Let $A\in M_m,_n$ where $m>n$ and if $ker(A)=\{0v\}$ then $AA^{T}$ is invertible?
I think it is not. Because $dimker(A)+dimIm(A)=n$, $dimker(A)=0$, then $dimIm(A)=n$, but then $dimIm(AA^{T})=n$. Now we have $dimker(AA^{T})+dimIm(AA^{T})=m$, then $dimker(AA^{T})=m-n$. Because $dimker(AA^{T})\not =0$ then $AA^{T}$ is not invertible. Is this ok?
Counterexample.

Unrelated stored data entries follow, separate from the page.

Lemma averaging_gap :
  (8 * (n %/ 100) * 'C(n, n - n./2) < n %/ 5 * (3 * 'C(n - 2, n - n./2)))%N.
Proof.
have := mul_bin_sub2 n (n - n./2).
have -> : (n - (n - n./2))%N = n./2 by rewrite subKn // -divn2 leq_div.
move=> /(congr1 (fun m => m%:R : rat)); rewrite !natrM !natrB; try by rewrite -?divn2; lia.
set C := 'C(n, _)%:R; set C2 := 'C(n - 2, _)%:R; set N : rat := n%:R; set h : rat := (n./2)%:R.
move=> key; rewrite -(ltr_nat rat) !natrM -/C -/C2 -/N.
have C0 : 0 < C by rewrite ltr0n bin_gt0 leq_subr.
have NN : 0 < N * (N - 1).
  by apply: mulr_gt0; rewrite /N ?subr_gt0 ?ltr1n ?ltr0n; lia.
rewrite -(ltr_pM2r NN).
have -> : (n %/ 5)%:R * (3 * C2) * (N * (N - 1)) = 8 * C * (3 / 8 * (n %/ 5)%:R * (h * (h - 1))).
  by rewrite -mulrA -mulrA key; field.
have -> : 8 * (n %/ 100)%:R * C * (N * (N - 1)) = 8 * C * ((n %/ 100)%:R * (N * (N - 1))) by ring.
by rewrite ltr_pM2l ?mulr_gt0 // averaging_gapR.
Qed.

End LargeOrder.

(** * Guest-goodness *)

Lemma sum_count_card (T : eqType) (I : finType) (F : {set I}) (P : T -> pred I) (s : seq T) :
  (\sum_(i in F) count (P^~ i) s = \sum_(q <- s) #|[set i in F | P q i]|)%N.
Proof.
under eq_bigr => i _ do rewrite -sum1_count big_mkcond /=.
rewrite exchange_big /=; apply: eq_bigr => q _.
by rewrite -big_mkcondr -sum1dep_card.
Qed.

Lemma exists_rich_member (T : eqType) (I : finType) (F : {set I}) (P : T -> pred I)
    (s : seq T) (a b M : nat) :
  (forall q, q \in s -> b <= a * #|[set i in F | P q i]|)%N ->
  (a * M * #|F| < size s * b)%N ->
  exists2 i, i \in F & (M < count (P^~ i) s)%N.
Proof.
move=> many gap; apply/exists_inP; apply: contraLR gap; rewrite negb_exists_in -leqNgt.
move=> /forall_inP poor.
have sum_lb : (size s * b <= a * \sum_(i in F) count (P^~ i) s)%N.
  rewrite sum_count_card big_distrr /= -sum1_size big_distrl /= mul1n.
  by rewrite big_seq_cond [X in (_ <= X)%N]big_seq_cond; apply: leq_sum => q /andP [/many].
apply: (leq_trans sum_lb); rewrite -mulnA leq_mul2l [(M * _)%N]mulnC -sum_nat_const.
by apply/orP; right; apply: leq_sum => i /poor; rewrite -leqNgt.
Qed.

Lemma uniq_pairs_tnth (T : eqType) (s : seq (T * T)) :
  uniq (map fst s ++ map snd s) ->
  [/\ injective (fun i => (tnth (in_tuple s) i).1),
      injective (fun i => (tnth (in_tuple s) i).2) &
      forall i j, (tnth (in_tuple s) i).1 != (tnth (in_tuple s) j).2].
Proof.
rewrite cat_uniq => /and3P [uniq1 /hasPn disj uniq2]; split.
- by move=> i j; rewrite -!(tnth_map fst); apply/(tuple_uniqP (map_tuple fst (in_tuple s))).
- by move=> i j; rewrite -!(tnth_map snd); apply/(tuple_uniqP (map_tuple snd (in_tuple s))).
- move=> i j; apply: contraTneq (disj _ (map_f snd (mem_tnth j (in_tuple s)))) => <-.
  by rewrite negbK map_f // mem_tnth.
Qed.

Lemma nbhdD_private (n : nat) (e : rel 'I_n) (V : {set 'I_n}) x w :
  V \subset ~: [set x; w] -> nbhd e V x :\: nbhd e V w = private_nbhd e x w :&: V.
Proof.
move=> /subsetP Vxw; apply/setP => z; rewrite !inE.
case zV: (z \in V); rewrite ?andbF //=.
by move: (Vxw z zV); rewrite !inE negb_or => /andP [_ ->]; rewrite !andbT andbC.
Qed.

Lemma guest_good0 (R : realType) (n : nat) (e : rel 'I_n) : guest_good e (0 : R).
Proof.
have [U] : exists U : {set 'I_n}, U \in [set U : {set 'I_n} | #|U| == n./2].
  by apply/card_gt0P; rewrite card_draws card_ord bin_gt0 -divn2 leq_div.
rewrite inE => /eqP cardU; exists U; split => //.
pose none := widen_ord (leq0n n).
exists 0%N, none, none, (fun=> 0%N).
do ![by case | split]; last by rewrite big_ord0.
by rewrite divr_ge0.
Qed.

Lemma guest_good_of_pairs (R : realType) (n d : nat) (e : rel 'I_n) (V : {set 'I_n})
    (s : seq ('I_n * 'I_n)) :
  (0 < d)%N -> #|~: V| = n./2 -> (20 * size s <= n)%N -> uniq (map fst s ++ map snd s) ->
  (forall q, q \in s -> (V \subset ~: [set q.1; q.2]) &&
     good_draw R #|V| d (private_nbhd e q.1 q.2) (private_nbhd e q.2 q.1) V) ->
  guest_good e ((size s)%:R * Num.sqrt (d%:R : R)).
Proof.
move=> d0 cardU small uniq_s good_s; exists (~: V); split => //=; rewrite setCK.
have [inj1 inj2 neq] := uniq_pairs_tnth uniq_s.
exists (size s), (fun i => (tnth (in_tuple s) i).1), (fun i => (tnth (in_tuple s) i).2), (fun=> d).
have good_i i := good_s _ (mem_tnth i (in_tuple s)).
do 3 (split => //); split.
  move=> i; have /andP [/subsetP Vq _] := good_i i.
  by split; rewrite inE; apply: contraT; rewrite negbK => /Vq; rewrite !inE eqxx ?orbT.
split; first by rewrite ler_pdivlMr // -natrM ler_nat mulnC.
split; first by [].
split; first by rewrite sumr_const card_ord mulr_natl.
move=> i; have /andP [Vq good] := good_i i; move: good Vq.
set x := (tnth _ i).1; set w := (tnth _ i).2 => /and4P [g1 g2 g3 g4] Vxw.
have Vwx : V \subset ~: [set w; x] by rewrite setUC.
have := cardsID (nbhd e V w) (nbhd e V x); have := cardsID (nbhd e V x) (nbhd e V w).
rewrite (nbhdD_private e Vxw) (nbhdD_private e Vwx) [nbhd e V w :&: _]setIC => <- <-.
rewrite !natrD; split; [lra | lra | lra | right].
set a : R := #|_ :&: V|%:R in g1 g2 g4 *; set b : R := #|_ :&: V|%:R in g3 g4 *.
rewrite [_ + a]addrC addrKA -sqrtr_sqr.
have -> : 20 * Num.sqrt d%:R = Num.sqrt (400 * d%:R) :> R.
  by rewrite sqrtrM // (_ : 400 = 20 ^+ 2) ?sqrtr_sqr ?ger0_norm //; ring.
exact: ler_wsqrtr.
Qed.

Let
$$ A = \begin{pmatrix} 1 \\ 1 \end{pmatrix} \ . $$
Then $\mathrm{ker} A = {0}$ (btw, I am not sure why you need that "v" in $0v$), but
$$ AA^t = \begin{pmatrix} 1 \\ 1 \end{pmatrix} \ \begin{pmatrix} 1 & 1 \end{pmatrix} = \begin{pmatrix} 1 & 1 \\ 1 & 1 \end{pmatrix} \ . $$
Which, as you can easily check, has $\mathrm{ker} (AA^t) \neq 0 $, so it's not invertible.